A experiência indígena mostra que a simples extensão de políticas universais de saúde e educação a estes grupos não são suficientes. Como o modo de perceber a saúde, de lidar com a doença e de ministrar os remédios e outras terapias são muito diferenciados entre a medicina convencional e as formas tradicionais destes grupos, a ignorância sobre esta diferença leva ao fracasso da política. Então são necessários estudos sobre tais formas particulares, para produzir políticas adaptadas, diferenciadas, que respeitam as formas como esses grupos lidam com a saúde, com a doença e com o seu tratamento. O mesmo pode ser dito para a educação, se tivermos em mente a grande quantidade de conhecimento tradicional desses grupos e as formas particulares deles os transmitirem de uma geração a outra.

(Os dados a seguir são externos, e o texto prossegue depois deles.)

(* Let $(h_n)_{n\ge1}$ be the Hermite functions, i.e. the $L^2(\mathbb{R})$-normalized eigenfunctions of $T=-\frac{d^2}{dx^2}+x^2$ with $Th_n=(2n-1)h_n$, $\|h_n\|_{L^2(\mathbb{R})}=1$. Let $\delta_1>0$. Then there is a constant $C_{\delta_1}$ depending only on $\delta_1$ such that for every $n\ge1$, $$\left(\int_{\mathbb{R}}\frac{h_n^2(x)}{(1+\ln(1+x^2))^{2\delta_1}}\,dx\right)^{1/2}\le\frac{C_{\delta_1}}{(1+\ln n)^{\delta_1}}.$$ *)

From Stdlib Require Import Reals.
From Coquelicot Require Import Coquelicot.
Open Scope R_scope.

Definition is_integral_R (f : R -> R) (l : R) : Prop :=
  is_RInt_gen f (Rbar_locally m_infty) (Rbar_locally p_infty) l.

Definition hermite_eigen (f : R -> R) (lam : R) : Prop :=
  (forall x, ex_derive f x) /\
  (forall x, ex_derive (Derive f) x) /\
  (forall x, - Derive (Derive f) x + x ^ 2 * f x = lam * f x).

(* (h_n)_{n >= 1} is a family of Hermite functions: T h_n = (2n-1) h_n and
   ||h_n||_{L^2(R)} = 1 (this determines h_n up to sign). *)
Definition hermite_family (h : nat -> R -> R) : Prop :=
  forall n : nat, (1 <= n)%nat ->
    hermite_eigen (h n) (2 * INR n - 1) /\
    is_integral_R (fun x => h n x ^ 2) 1.

(* With lambda = s^2 = 2n - 1 and h'' = (x^2 - lambda) h, the energy
   E = h'^2 + (lambda - x^2) h^2 has E' = -2 x h^2, so it is maximal at 0, and the unit
   L^2 mass gives E(0) - E(x) <= 2x for x >= 0.  Integrating E over [0, s/2] once from
   this lower bound and once through E = (h h')' + 2 (lambda - x^2) h^2 yields
   E(0) <= 10 s, hence h^2 <= 20 / s on x^2 <= s^2 / 2.  Split the weighted integral at
   r = s^(1/2): the inner part is at most 40 / r, the outer part at most 1 / w(r) for the
   weight w, and both r and w(r) dominate (1 + ln n)^(2 delta1) up to constants. *)

From Stdlib Require Import Reals Lra Psatz Classical.
From Coquelicot Require Import Coquelicot.
Open Scope R_scope.

Lemma continuous_of_ex_derive (f : R -> R) x : ex_derive f x -> continuous f x.
Proof. exact (@ex_derive_continuous R_AbsRing R_NormedModule f x). Qed.

Lemma ex_RInt_of_continuous (f : R -> R) a b :
  (forall x, continuous f x) -> ex_RInt f a b.
Proof. intros Hc; apply (@ex_RInt_continuous R_CompleteNormedModule); intros; apply Hc. Qed.

Lemma RInt_scal_R (f : R -> R) a b c :
  ex_RInt f a b -> RInt (fun t => c * f t) a b = c * RInt f a b.
Proof. exact (@RInt_scal R_CompleteNormedModule f a b c). Qed.

Lemma RInt_plus_R (f g : R -> R) a b : ex_RInt f a b -> ex_RInt g a b ->
  RInt (fun t => f t + g t) a b = RInt f a b + RInt g a b.
Proof. exact (@RInt_plus R_CompleteNormedModule f g a b). Qed.

Lemma RInt_const_R a b c : RInt (fun _ => c) a b = (b - a) * c.
Proof. exact (@RInt_const R_CompleteNormedModule a b c). Qed.

Lemma RInt_Chasles_R (f : R -> R) a b c : (forall x, continuous f x) ->
  RInt f a b + RInt f b c = RInt f a c.
Proof.
  intro Hc.
  exact (@RInt_Chasles R_CompleteNormedModule f a b c
           (ex_RInt_of_continuous f a b Hc) (ex_RInt_of_continuous f b c Hc)).
Qed.

Lemma RInt_is_derive (f F : R -> R) a b :
  (forall x, is_derive F x (f x)) -> (forall x, continuous f x) ->
  RInt f a b = F b - F a.
Proof.
  intros HF Hc. apply (@is_RInt_unique R_CompleteNormedModule).
  apply (@is_RInt_derive R_CompleteNormedModule); intros; auto.
Qed.

Section NonnegativeIntegrals.

Variable f : R -> R.
Hypothesis f_cont : forall x, continuous f x.
Hypothesis f_ge0 : forall x, 0 <= f x.

Lemma RInt_le_RInt_widen a' a b b' :
  a' <= a -> a <= b -> b <= b' -> RInt f a b <= RInt f a' b'.
Proof.
  intros Ha Hab Hb.
  rewrite <- (RInt_Chasles_R f a' a b'), <- (RInt_Chasles_R f a b b') by exact f_cont.
  assert (0 <= RInt f a' a) by (apply RInt_ge_0; auto; apply ex_RInt_of_continuous, f_cont).
  assert (0 <= RInt f b b') by (apply RInt_ge_0; auto; apply ex_RInt_of_continuous, f_cont).
  lra.
Qed.

Lemma RInt_le_is_integral_R l :
  is_integral_R f l -> forall a b, a <= b -> RInt f a b <= l.
Proof.
  intros Hf a b Hab.
  apply Rnot_lt_le; intro Hlt.
  assert (Heps : 0 < RInt f a b - l) by lra.
  destruct (Hf _ (locally_ball l (mkposreal _ Heps))) as [P Q [M1 HM1] [M2 HM2] HPQ].
  destruct (HPQ (Rmin a (M1 - 1)) (Rmax b (M2 + 1))) as [y [Hy Hball]].
  - apply HM1. pose proof (Rmin_r a (M1 - 1)); lra.
  - apply HM2. pose proof (Rmax_r b (M2 + 1)); lra.
  - apply (@is_RInt_unique R_CompleteNormedModule) in Hy. simpl in Hy.
    assert (RInt f a b <= y).
    { rewrite <- Hy. apply RInt_le_RInt_widen; [apply Rmin_l | exact Hab | apply Rmax_l]. }
    change (Rabs (y - l) < RInt f a b - l) in Hball.
    apply Rabs_lt_between in Hball. lra.
Qed.

(* The witness is the supremum of the integrals over [-b, b]. *)
Lemma is_integral_R_of_RInt_le M :
  (forall b, 0 <= b -> RInt f (-b) b <= M) -> exists I, is_integral_R f I /\ I <= M.
Proof.
  intros HM.
  set (E := fun v => exists b, 0 <= b /\ v = RInt f (-b) b).
  destruct (completeness E) as [I [HI_ub HI_lub]].
  - exists M. intros v [b [Hb ->]]. auto.
  - exists (RInt f (-0) 0), 0. split; [lra | reflexivity].
  - exists I. split; [|apply HI_lub; intros v [b [Hb ->]]; auto].
    intros P [eps Heps].
    destruct (classic (exists b, 0 <= b /\ I - eps < RInt f (-b) b))
      as [[B [HB HIB]] | Hnot].
    2:{ exfalso. assert (I <= I - eps); [|pose proof (cond_pos eps); lra].
        apply HI_lub. intros v [b [Hb ->]].
        apply Rnot_lt_le. intro. apply Hnot. exists b; auto. }
    apply Filter_prod with (Q := fun a => a < -B) (R := fun b => B < b);
      [exists (-B); auto | exists B; auto |].
    intros x y Hx Hy. exists (RInt f x y). split.
    + apply (@RInt_correct R_CompleteNormedModule), ex_RInt_of_continuous, f_cont.
    + apply Heps. change (Rabs (RInt f x y - I) < eps). apply Rabs_lt_between.
      set (b := Rmax (-x) y).
      assert (Hxb : -x <= b) by apply Rmax_l.
      assert (Hyb : y <= b) by apply Rmax_r.
      assert (RInt f (-B) B <= RInt f x y) by (apply RInt_le_RInt_widen; lra).
      assert (RInt f x y <= RInt f (-b) b) by (apply RInt_le_RInt_widen; lra).
      assert (RInt f (-b) b <= I) by (apply HI_ub; exists b; split; [lra | reflexivity]).
      pose proof (cond_pos eps). lra.
Qed.

End NonnegativeIntegrals.

Lemma is_integral_R_split_le (f g : R -> R) (r c e : R) :
  (forall x, continuous f x) -> (forall x, continuous g x) ->
  (forall x, 0 <= f x) -> (forall x, 0 <= g x) ->
  (forall a b, a <= b -> RInt g a b <= 1) ->
  0 <= r -> 0 <= e ->
  (forall x, -r <= x <= r -> f x <= c) ->
  (forall x, r <= Rabs x -> f x <= e * g x) ->
  exists I, is_integral_R f I /\ I <= 2 * r * c + e.
Proof.
  intros Cf Cg Hf0 Hg0 Hg1 Hr He Hcore Htail.
  assert (Hmid : RInt f (-r) r <= 2 * r * c).
  { replace (2 * r * c) with (RInt (fun _ => c) (-r) r)
      by (rewrite RInt_const_R; lra).
    apply RInt_le; [lra | apply ex_RInt_of_continuous; auto
                   | apply ex_RInt_of_continuous; intro; apply continuous_const |].
    intros; apply Hcore; lra. }
  assert (Htail_le : forall a b, a <= b -> (forall x, a < x < b -> r <= Rabs x) ->
            RInt f a b <= e * RInt g a b).
  { intros a b Hab Hx. rewrite <- RInt_scal_R by (apply ex_RInt_of_continuous; auto).
    apply RInt_le; [lra | apply ex_RInt_of_continuous; auto
                   | exact (@ex_RInt_scal R_CompleteNormedModule g a b e
                              (ex_RInt_of_continuous g a b Cg)) |].
    intros x Hx'. apply Htail, Hx, Hx'. }
  apply is_integral_R_of_RInt_le; auto.
  intros b Hb. destruct (Rle_or_lt b r) as [Hbr | Hrb].
  - assert (RInt f (-b) b <= RInt f (-r) r) by (apply RInt_le_RInt_widen; auto; lra).
    lra.
  - rewrite <- (RInt_Chasles_R f (-b) (-r) b), <- (RInt_Chasles_R f (-r) r b) by auto.
    assert (Hleft : RInt f (-b) (-r) <= e * RInt g (-b) (-r)).
    { apply Htail_le; [lra |]. intros x Hx. rewrite Rabs_left by lra. lra. }
    assert (Hright : RInt f r b <= e * RInt g r b).
    { apply Htail_le; [lra |]. intros x Hx. rewrite Rabs_right by lra. lra. }
    assert (Hmass : RInt g (-b) (-r) + RInt g (-r) r + RInt g r b <= 1).
    { rewrite (RInt_Chasles_R g (-b) (-r) r), RInt_Chasles_R by auto. apply Hg1; lra. }
    assert (0 <= RInt g (-r) r).
    { apply RInt_ge_0; [lra | apply ex_RInt_of_continuous |]; auto. }
    nra.
Qed.

Section HermiteEnergy.

Variables (h : R -> R) (s : R).
Hypothesis h_eigen : hermite_eigen h (s ^ 2).
Hypothesis h_mass : forall a b, a <= b -> RInt (fun t => h t ^ 2) a b <= 1.

Definition hermite_energy t := Derive h t ^ 2 + (s ^ 2 - t ^ 2) * h t ^ 2.

Let ex_derive_h t : ex_derive h t.
Proof. apply h_eigen. Qed.

Let ex_derive_Derive_h t : ex_derive (Derive h) t.
Proof. apply h_eigen. Qed.

Lemma Derive_Derive_hermite t : Derive (Derive h) t = (t ^ 2 - s ^ 2) * h t.
Proof. destruct h_eigen as [_ [_ Hode]]. specialize (Hode t). lra. Qed.

Lemma is_derive_hermite_energy t :
  is_derive hermite_energy t (- (2 * t * h t ^ 2)).
Proof.
  unfold hermite_energy. auto_derive; [auto |].
  rewrite Derive_Derive_hermite. change (fun x => h x) with h. ring.
Qed.

Lemma is_derive_hermite_mul_Derive t :
  is_derive (fun u => h u * Derive h u) t (Derive h t ^ 2 + (t ^ 2 - s ^ 2) * h t ^ 2).
Proof.
  auto_derive; [auto |].
  rewrite Derive_Derive_hermite. change (fun x => h x) with h. ring.
Qed.

Local Ltac ex_RInt_smooth :=
  apply ex_RInt_of_continuous; intro; apply continuous_of_ex_derive; auto_derive; auto.

Lemma hermite_energy_le_origin x : hermite_energy x <= hermite_energy 0.
Proof.
  destruct (MVT_gen hermite_energy 0 x (fun t => - (2 * t * h t ^ 2)))
    as [c [Hc Hmvt]].
  - intros t _. apply is_derive_hermite_energy.
  - intros t _. apply continuity_pt_filterlim, continuous_of_ex_derive.
    eexists. apply is_derive_hermite_energy.
  - assert (0 <= c * x).
    { revert Hc. unfold Rmin, Rmax. destruct Rle_dec; intros; nra. }
    assert (0 <= h c ^ 2) by apply pow2_ge_0.
    nra.
Qed.

Lemma hermite_energy_decay x : 0 <= x -> hermite_energy 0 - hermite_energy x <= 2 * x.
Proof.
  intros Hx.
  assert (Hftc : RInt (fun t => - (2 * t * h t ^ 2)) 0 x
                 = hermite_energy x - hermite_energy 0).
  { apply RInt_is_derive; [apply is_derive_hermite_energy |].
    intro; apply continuous_of_ex_derive; auto_derive; auto. }
  assert (Hcmp : RInt (fun t => (- (2 * x)) * h t ^ 2) 0 x
          <= RInt (fun t => - (2 * t * h t ^ 2)) 0 x).
  { apply RInt_le; [exact Hx | ex_RInt_smooth | ex_RInt_smooth |].
    intros t Ht. assert (0 <= h t ^ 2) by apply pow2_ge_0. nra. }
  rewrite RInt_scal_R in Hcmp by ex_RInt_smooth.
  pose proof (h_mass 0 x Hx). nra.
Qed.

Lemma RInt_hermite_energy_ge a :
  0 <= a -> a * (hermite_energy 0 - 2 * a) <= RInt hermite_energy 0 a.
Proof.
  intros Ha.
  replace (a * (hermite_energy 0 - 2 * a))
    with (RInt (fun _ => hermite_energy 0 - 2 * a) 0 a)
    by (rewrite RInt_const_R, Rminus_0_r; reflexivity).
  apply RInt_le; [exact Ha | apply ex_RInt_of_continuous; intro; apply continuous_const
                 | unfold hermite_energy; ex_RInt_smooth |].
  intros t Ht. pose proof (hermite_energy_decay t ltac:(lra)). lra.
Qed.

Assim, podemos falar deste segundo tipo de política de reconhecimento como pautada não tanto pela redistribuição, mas pela diferenciação.

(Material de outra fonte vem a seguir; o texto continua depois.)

Lemma Zlogical_weight_ge (v : 'rV['F_2]_(n + n)) :
  HX *m v^T = 0 -> ~~ (v <= HZ)%MS -> (d <= hwt v)%N.
Proof.
move=> Hv v_notin; set p := cyc (lsubmx v); set q := cyc (rsubmx v).
have step i : p i + p i.+1 + q i + q (i + d)%N = 0.
  by have := GB_mx_syndrome 1 d v i; rewrite Hv mxE addn1 addrA.
case: (coboundary_or_weight_ge (cyc_periodic _) (cyc_periodic _) step) => [[s sP ps] | ].
  case/negP: v_notin; apply: (sub_GB_mx (negDr d) (negDr 1) sP) => k.
    by case: (ps k).
  by rewrite addn1; case: (ps k).
by rewrite hwt_hsubmx !hwt_nzcount.
Qed.

Lemma Xlogical_weight_ge (u : 'rV['F_2]_(n + n)) :
  HZ *m u^T = 0 -> ~~ (u <= HX)%MS -> (d <= hwt u)%N.
Proof.
move=> Hu u_notin; set q := cyc (lsubmx u); set r := cyc (rsubmx u).
(* As x^-1 = x^m, the H_Z-syndrome of u at i + d is the relation
   p_i + p_{i+1} = q_i + q_{i+d} for q the left block and p the right block
   shifted by d - 1. *)
pose p i := r (i + t.*2)%N.
have qP : periodic n q := cyc_periodic _.
have rP : periodic n r := cyc_periodic _.
have pP : periodic n p by move=> i; rewrite /p addnAC rP.
have step i : p i + p i.+1 + q i + q (i + d)%N = 0.
  have := GB_mx_syndrome (m * d) (m * 1) u (i + d); rewrite Hu mxE -/q -/r.
  have -> : (i + d + m * d = i + d * n)%N by rewrite -addnA -mulSn mulnC.
  have -> : (i + d + m * 1 = i + t.*2 + n)%N by lia.
  have -> : r (i + d)%N = p i.+1 by rewrite /p addSn addnS.
  rewrite periodic_mulD // rP -/(p i) => E.
  by apply: etrans (esym E); ring.
case: (coboundary_or_weight_ge pP qP step) => [[s sP ps] | ]; last first.
  by rewrite hwt_hsubmx !hwt_nzcount -/q -/r addnC -(nzcount_shift t.*2 rP).
case/negP: u_notin.
have s'P : periodic n (fun k => s k.+1) by move=> k /=; rewrite -addSn sP.
apply: (sub_GB_mx (negD 1) (negD d) s'P) => k.
  by rewrite -/q; case: (ps k) => _ ->; rewrite muln1 -addnS sP addrC.
rewrite -/r; have -> : r k = p (k + m * d).+1.
  rewrite /p.
  have -> : ((k + m * d).+1 + t.*2 = k + d * n)%N by rewrite [(d * n)%N]mulnC mulSn; lia.
  by rewrite periodic_mulD.
case: (ps (k + m * d).+1) => -> _.
have -> : ((k + m * d).+1 + d = k.+1 + d * n)%N by rewrite [(d * n)%N]mulnC mulSn; lia.
by rewrite addrC [s (k.+1 + _)]periodic_mulD.
Qed.

Let d_lt_n : (d < n)%N.
Proof. by rewrite ltnS -[X in (X <= _)%N]mul1n; move: t_gt0; nia. Qed.

Lemma HX_regular : regular24 HX.
Proof. by apply: GB_mx_regular; rewrite modn_small //; lia. Qed.

Lemma HZ_regular : regular24 HZ.
Proof.
apply: GB_mx_regular; last by rewrite muln1 modn_small //; lia.
apply/negP => /eqP md0; move: (negDr d).
by rewrite -modnDml md0 add0n modn_small.
Qed.

Lemma rank_HX : \rank HX = m.
Proof. by rewrite rank_GB_mx // coprime1n. Qed.

Lemma rank_HZ : \rank HZ = m.
Proof. by rewrite rank_GB_mx // muln1 coprimenS orbT. Qed.

Definition xlogical : 'rV['F_2]_(n + n) :=
  row_mx (\sum_(x <- [seq inZp (k * d) | k <- iota 0 t.+1]) delta_mx 0 x)
         (\sum_(x <- [seq inZp i | i <- iota 0 t]) delta_mx 0 x).

Let hwt_xlogical_blocks :
  hwt (lsubmx xlogical) = t.+1 /\ hwt (rsubmx xlogical) = t.
Proof.
have kd_lt k : (k <= t)%N -> (k * d < n)%N.
  by move=> kt; rewrite ltnS (leq_trans (leq_mul kt (leqnn d))) ?leq_addr.
rewrite row_mxKl row_mxKr !hwt_deltas ?size_map ?size_iota //.
  rewrite map_inj_in_uniq ?iota_uniq // => i j; rewrite !mem_iota /= => ilt jlt.
  by move/(congr1 val); rewrite /= !modn_small //; lia.
rewrite map_inj_in_uniq ?iota_uniq // => i j; rewrite !mem_iota /= => ilt jlt.
move/(congr1 val); rewrite /= !modn_small ?kd_lt // => /eqP.
by rewrite eqn_pmul2r // => /eqP.
Qed.

Lemma hwt_xlogical : hwt xlogical = d.
Proof.
by rewrite hwt_hsubmx; case: hwt_xlogical_blocks => -> ->; rewrite addSn addnn.
Qed.

Lemma HZ_xlogical : HZ *m xlogical^T = 0.
Proof.
rewrite GB_mx_circ tr_row_mx mul_row_col !linear_sum !big_map.
under eq_bigr do rewrite /= (circ_mul_trdelta _ (negDr d)) -mulSnr.
under [X in _ + X]eq_bigr do rewrite /= (circ_mul_trdelta _ (negDr 1)) addn1.
rewrite !F2_telescope.
have -> : inZp (t.+1 * d) = inZp t :> 'I_n.
  by apply: val_inj; rewrite /= -(modnDr t n); congr (_ %% _)%N; rewrite mulSn; lia.
by rewrite mul0n F2_addmxx.
Qed.

Lemma xlogical_notin_HX : ~~ (xlogical <= HX)%MS.
Proof.
apply/negP => /GB_mx_even_blocks; case: hwt_xlogical_blocks => -> -> [].
by rewrite mulrS => + t0; rewrite t0 addr0 => /eqP; rewrite oner_eq0.
Qed.

Lemma code_min_distance : css_min_distance HX HZ d.
Proof.
split.
  exists xlogical, 0; split; last by rewrite pauli_wt0r hwt_xlogical.
    by rewrite /css_commutes HZ_xlogical trmx0 mulmx0 !eqxx.
  by rewrite /css_in_stab negb_and xlogical_notin_HX.
move=> u v /andP [/eqP Hu /eqP Hv].
rewrite /css_in_stab negb_and => /orP [u_notin | v_notin].
  exact: leq_trans (Xlogical_weight_ge Hu u_notin) (hwt_le_pauli_wtl u v).
exact: leq_trans (Zlogical_weight_ge Hv v_notin) (hwt_le_pauli_wtr u v).
Qed.

Lemma HX_row_stabilizer i :
  [/\ css_in_stab HX HZ (row i HX) 0, row i HX != 0 & pauli_wt (row i HX) 0 = 4%N].
Proof.
have wt4 : hwt (row i HX) = 4%N by case: HX_regular => ->.
by rewrite /css_in_stab row_sub sub0mx pauli_wt0r wt4 hwt_gt0 ?wt4.
Qed.

End OddDistanceCode.

Theorem theorem4 (d : nat) :
  (3 <= d)%N -> odd d ->
  exists (n : nat) (a b : {poly 'F_2}),
    [/\ (n + n = d ^ 2 + 1)%N,
        css_dim (GB_HX n a b) (GB_HZ n a b) = 2%N,
        css_min_distance (GB_HX n a b) (GB_HZ n a b) d,
        GB_regular24 n a b
      & d <> 3%N ->
        css_degenerate (GB_HX n a b) (GB_HZ n a b) d /\
        (4 < d)%N /\
        exists u v : 'rV['F_2]_(n + n),
          [/\ css_in_stab (GB_HX n a b) (GB_HZ n a b) u v,
              (u != 0%R) || (v != 0%R) & pauli_wt u v = 4%N]].
Proof.
move=> d_ge3 d_odd; have d_eq : d = (d./2).*2.+1 by rewrite -{1}(odd_double_half d) d_odd.
move: d./2 d_eq {d_odd} => t -> {d} in d_ge3 *; have t_gt0 : (0 < t)%N by lia.
exists (t * t.*2.+1 + t).+1, (1 + 'X^1), (1 + 'X^(t.*2.+1)).
rewrite /GB_regular24 /GB_HX GB_HZE; split.
- by rewrite -addnn; nia.
- by rewrite /css_dim rank_HX rank_HZ; lia.
- exact: code_min_distance.
- by split; [exact: HX_regular | exact: HZ_regular].
move=> d_ne3; have d_gt4 : (4 < t.*2.+1)%N by lia.
have [stab nz wt4] := HX_row_stabilizer t_gt0 0.
by split; [|split=> //]; exists (row 0 (GB_mx _ (1 + 'X^1) (1 + 'X^(t.*2.+1)))), 0;
  rewrite ?nz ?wt4.
Qed.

DP - Não existe sequer uma contagem dos quilombolas. Não seria a perpetuação de um descaso com esse povo? Isso decorre de um preconceito histórico. A própria contabilização da cor do povo brasileiro é recente. Isso expressa o que chamamos de racismo institucional. Seria tapar o sol com a peneira não reconhecer isso. Mas, na medida em que próprio Estado se obriga a superar tal situação, surgem outros problemas, com os quais lidamos hoje. Mesmo que exista vontade política, existe uma série de indefinições técnicas de como se deve realizar um levantamento como este. Afinal de contas, como se contam as comunidades quilombolas? Quais as ferramentas e instrumentos, quais critérios para inclusão das comunidades na conta? Existem diversas listas oficiais e não oficiais divergentes entre si. Existe uma lista da Funasa, outra do MEC, que são diferentes da lista do Incra ou da Seppir.

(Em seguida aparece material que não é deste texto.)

Lemma dual_overlaps_on_interval (g : nat -> R) n t :
  (1 <= n <= N)%nat -> tpt tau (n - 1) <= t <= tpt tau n ->
  rsum N (fun i => g (S i) * overlap (T - tpt tau (S i)) (T - tpt tau i) (T - t)) =
  rsum (N - n) (fun i => g (S n + i)%nat * tau (S n + i)%nat) + g n * (tpt tau n - t).
Proof.
  intros Hn Ht.
  replace N with ((n - 1) + S (N - n))%nat at 1 by lia.
  rewrite rsum_split, rsum_Sl.
  rewrite (rsum_eq0 (n - 1)).
  2:{ intros i Hi.
      assert (tpt tau (S i) <= T) by (apply tpt_range; lia).
      assert (tpt tau (S i) <= tpt tau (n - 1)) by (apply tpt_mono; lia).
      rewrite overlap_empty; [ring| lra| lra]. }
  rewrite (rsum_ext (N - n) _ (fun i => g (S n + i)%nat * tau (S n + i)%nat)).
  2:{ intros i Hi. replace (n - 1 + S i)%nat with (n + i)%nat by lia.
      assert (tpt tau (S (n + i)) <= T) by (apply tpt_range; lia).
      assert (tpt tau (n + i) <= tpt tau (S (n + i))) by (apply tpt_mono; lia).
      assert (tpt tau n <= tpt tau (n + i)) by (apply tpt_mono; lia).
      rewrite overlap_full by lra. replace (S n + i)%nat with (S (n + i)) by lia.
      rewrite tpt_S. ring. }
  rewrite Nat.add_0_r. replace (S (n - 1)) with n by lia.
  assert (tpt tau n <= T) by (apply tpt_range; lia).
  rewrite overlap_partial by lra. ring.
Qed.
(* Let A i be r vertices of Y adjacent to the i-th component C_i.  Choose a
   maximal "pair system": an assignment of distinct unordered pairs {x, y} of
   vertices of A i to some of the components C_i.  Routing x -> C_i -> y
   realises the graph of carried pairs, restricted to any subset of Y, as a
   [2l+1]-subdivision of G with branch vertices in Y.  Hence, unless outcome (1)
   holds, the carried graph has at most 2k'|Y0|^(1+eps) arcs on every Y0 of Y
   and is therefore (2k'|Y|^eps)-degenerate.
   - The used components are at most the carried arcs: <= 2k'|Y|^(1+eps).
   - By maximality, each unused A i is an r-clique of the carried graph; a
     degenerate graph has at most |Y| (2k'|Y|^eps)^(r-1) such cliques, and
     unless outcome (2) holds each is the A i of at most t - 1 components.
   Summing gives outcome (3) with alpha = 2k' + (t-1)(2k')^(r-1). *)
From HB Require Import structures.
From mathcomp Require Import all_boot all_order all_algebra.
From mathcomp Require Import reals exp.
From mathcomp Require Import zify.
From mathcomp.algebra_tactics Require Import lra.
From Stdlib Require Import Classical.
Import Order.TTheory GRing.Theory Num.Theory.
Set Implicit Arguments. Unset Strict Implicit. Unset Printing Implicit Defensive.

Lemma last_rev_belast (T : Type) (c : T) (p : seq T) :
  last (last c p) (rev (belast c p)) = c.
Proof. by case: p => //= y p; rewrite rev_cons last_rcons. Qed.

Lemma path_in (T : eqType) (V : pred T) (E : rel T) x q :
  (forall a b, E a b -> b \in V) -> path E x q -> {subset q <= V}.
Proof.
move=> EV; elim: q x => //= y q IH x /andP[Exy pq] z.
rewrite inE => /orP[/eqP->|]; [exact: EV Exy | exact: IH pq z].
Qed.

DP - De dez anos para cá? O ponto de partida é a partir da constituição de 1988, mas até que isso ganhasse corpo e o movimento quilombola se organizasse, levou tempo O primeiro grande encontro foi em 1995. Depois de ganhar corpo, teve um aumento de políticas.

DP - Com relação a questão dos quilombolas de Alcântara, qual o simbolismo da conquista? Cada uma das diversas lutas quilombolas pela terra é fundamental porque abre precedentes. Definem o tipo de argumento que é considerado válido ou inválido na justiça. Isso é importante porque boa parte dos juízes julga a partir de uma concepção dicionarizada do termo quilombo. Por isso é possível ver absurdos como um procurador da república do Rio de janeiro usando como referência fundamental da sua decisão o verbete quilombos do dicionário Aurélio Buarque de Holanda, quando já existe mais de 10 anos de luta e de debates e uma larga bibliografia sobre o tema, que ele maliciosamente, insiste em desconhecer. O fato é que, seja por má fé ou por ignorância, parte da justiça continua desconhecendo esse debate e isso faz com que vitórias de grande visibilidade, como a de Alcântara, sejam fundamentais para sensibilizar o campo jurídico. Além do mérito de dar uma salvaguarda para a vida de centenas de camponeses, a decisão de Alcântara nos anima por mostrar que é possível fazer o Estado Brasileiro recuar em interesses que ele nomeava como estratégicos, em nome da tolerância, da diversidade social, dos direitos humanos. Isso vale em si mesmo e também vale em enorme e visível precedente que pode nos ajudar em outras situações, como a da Marambaia.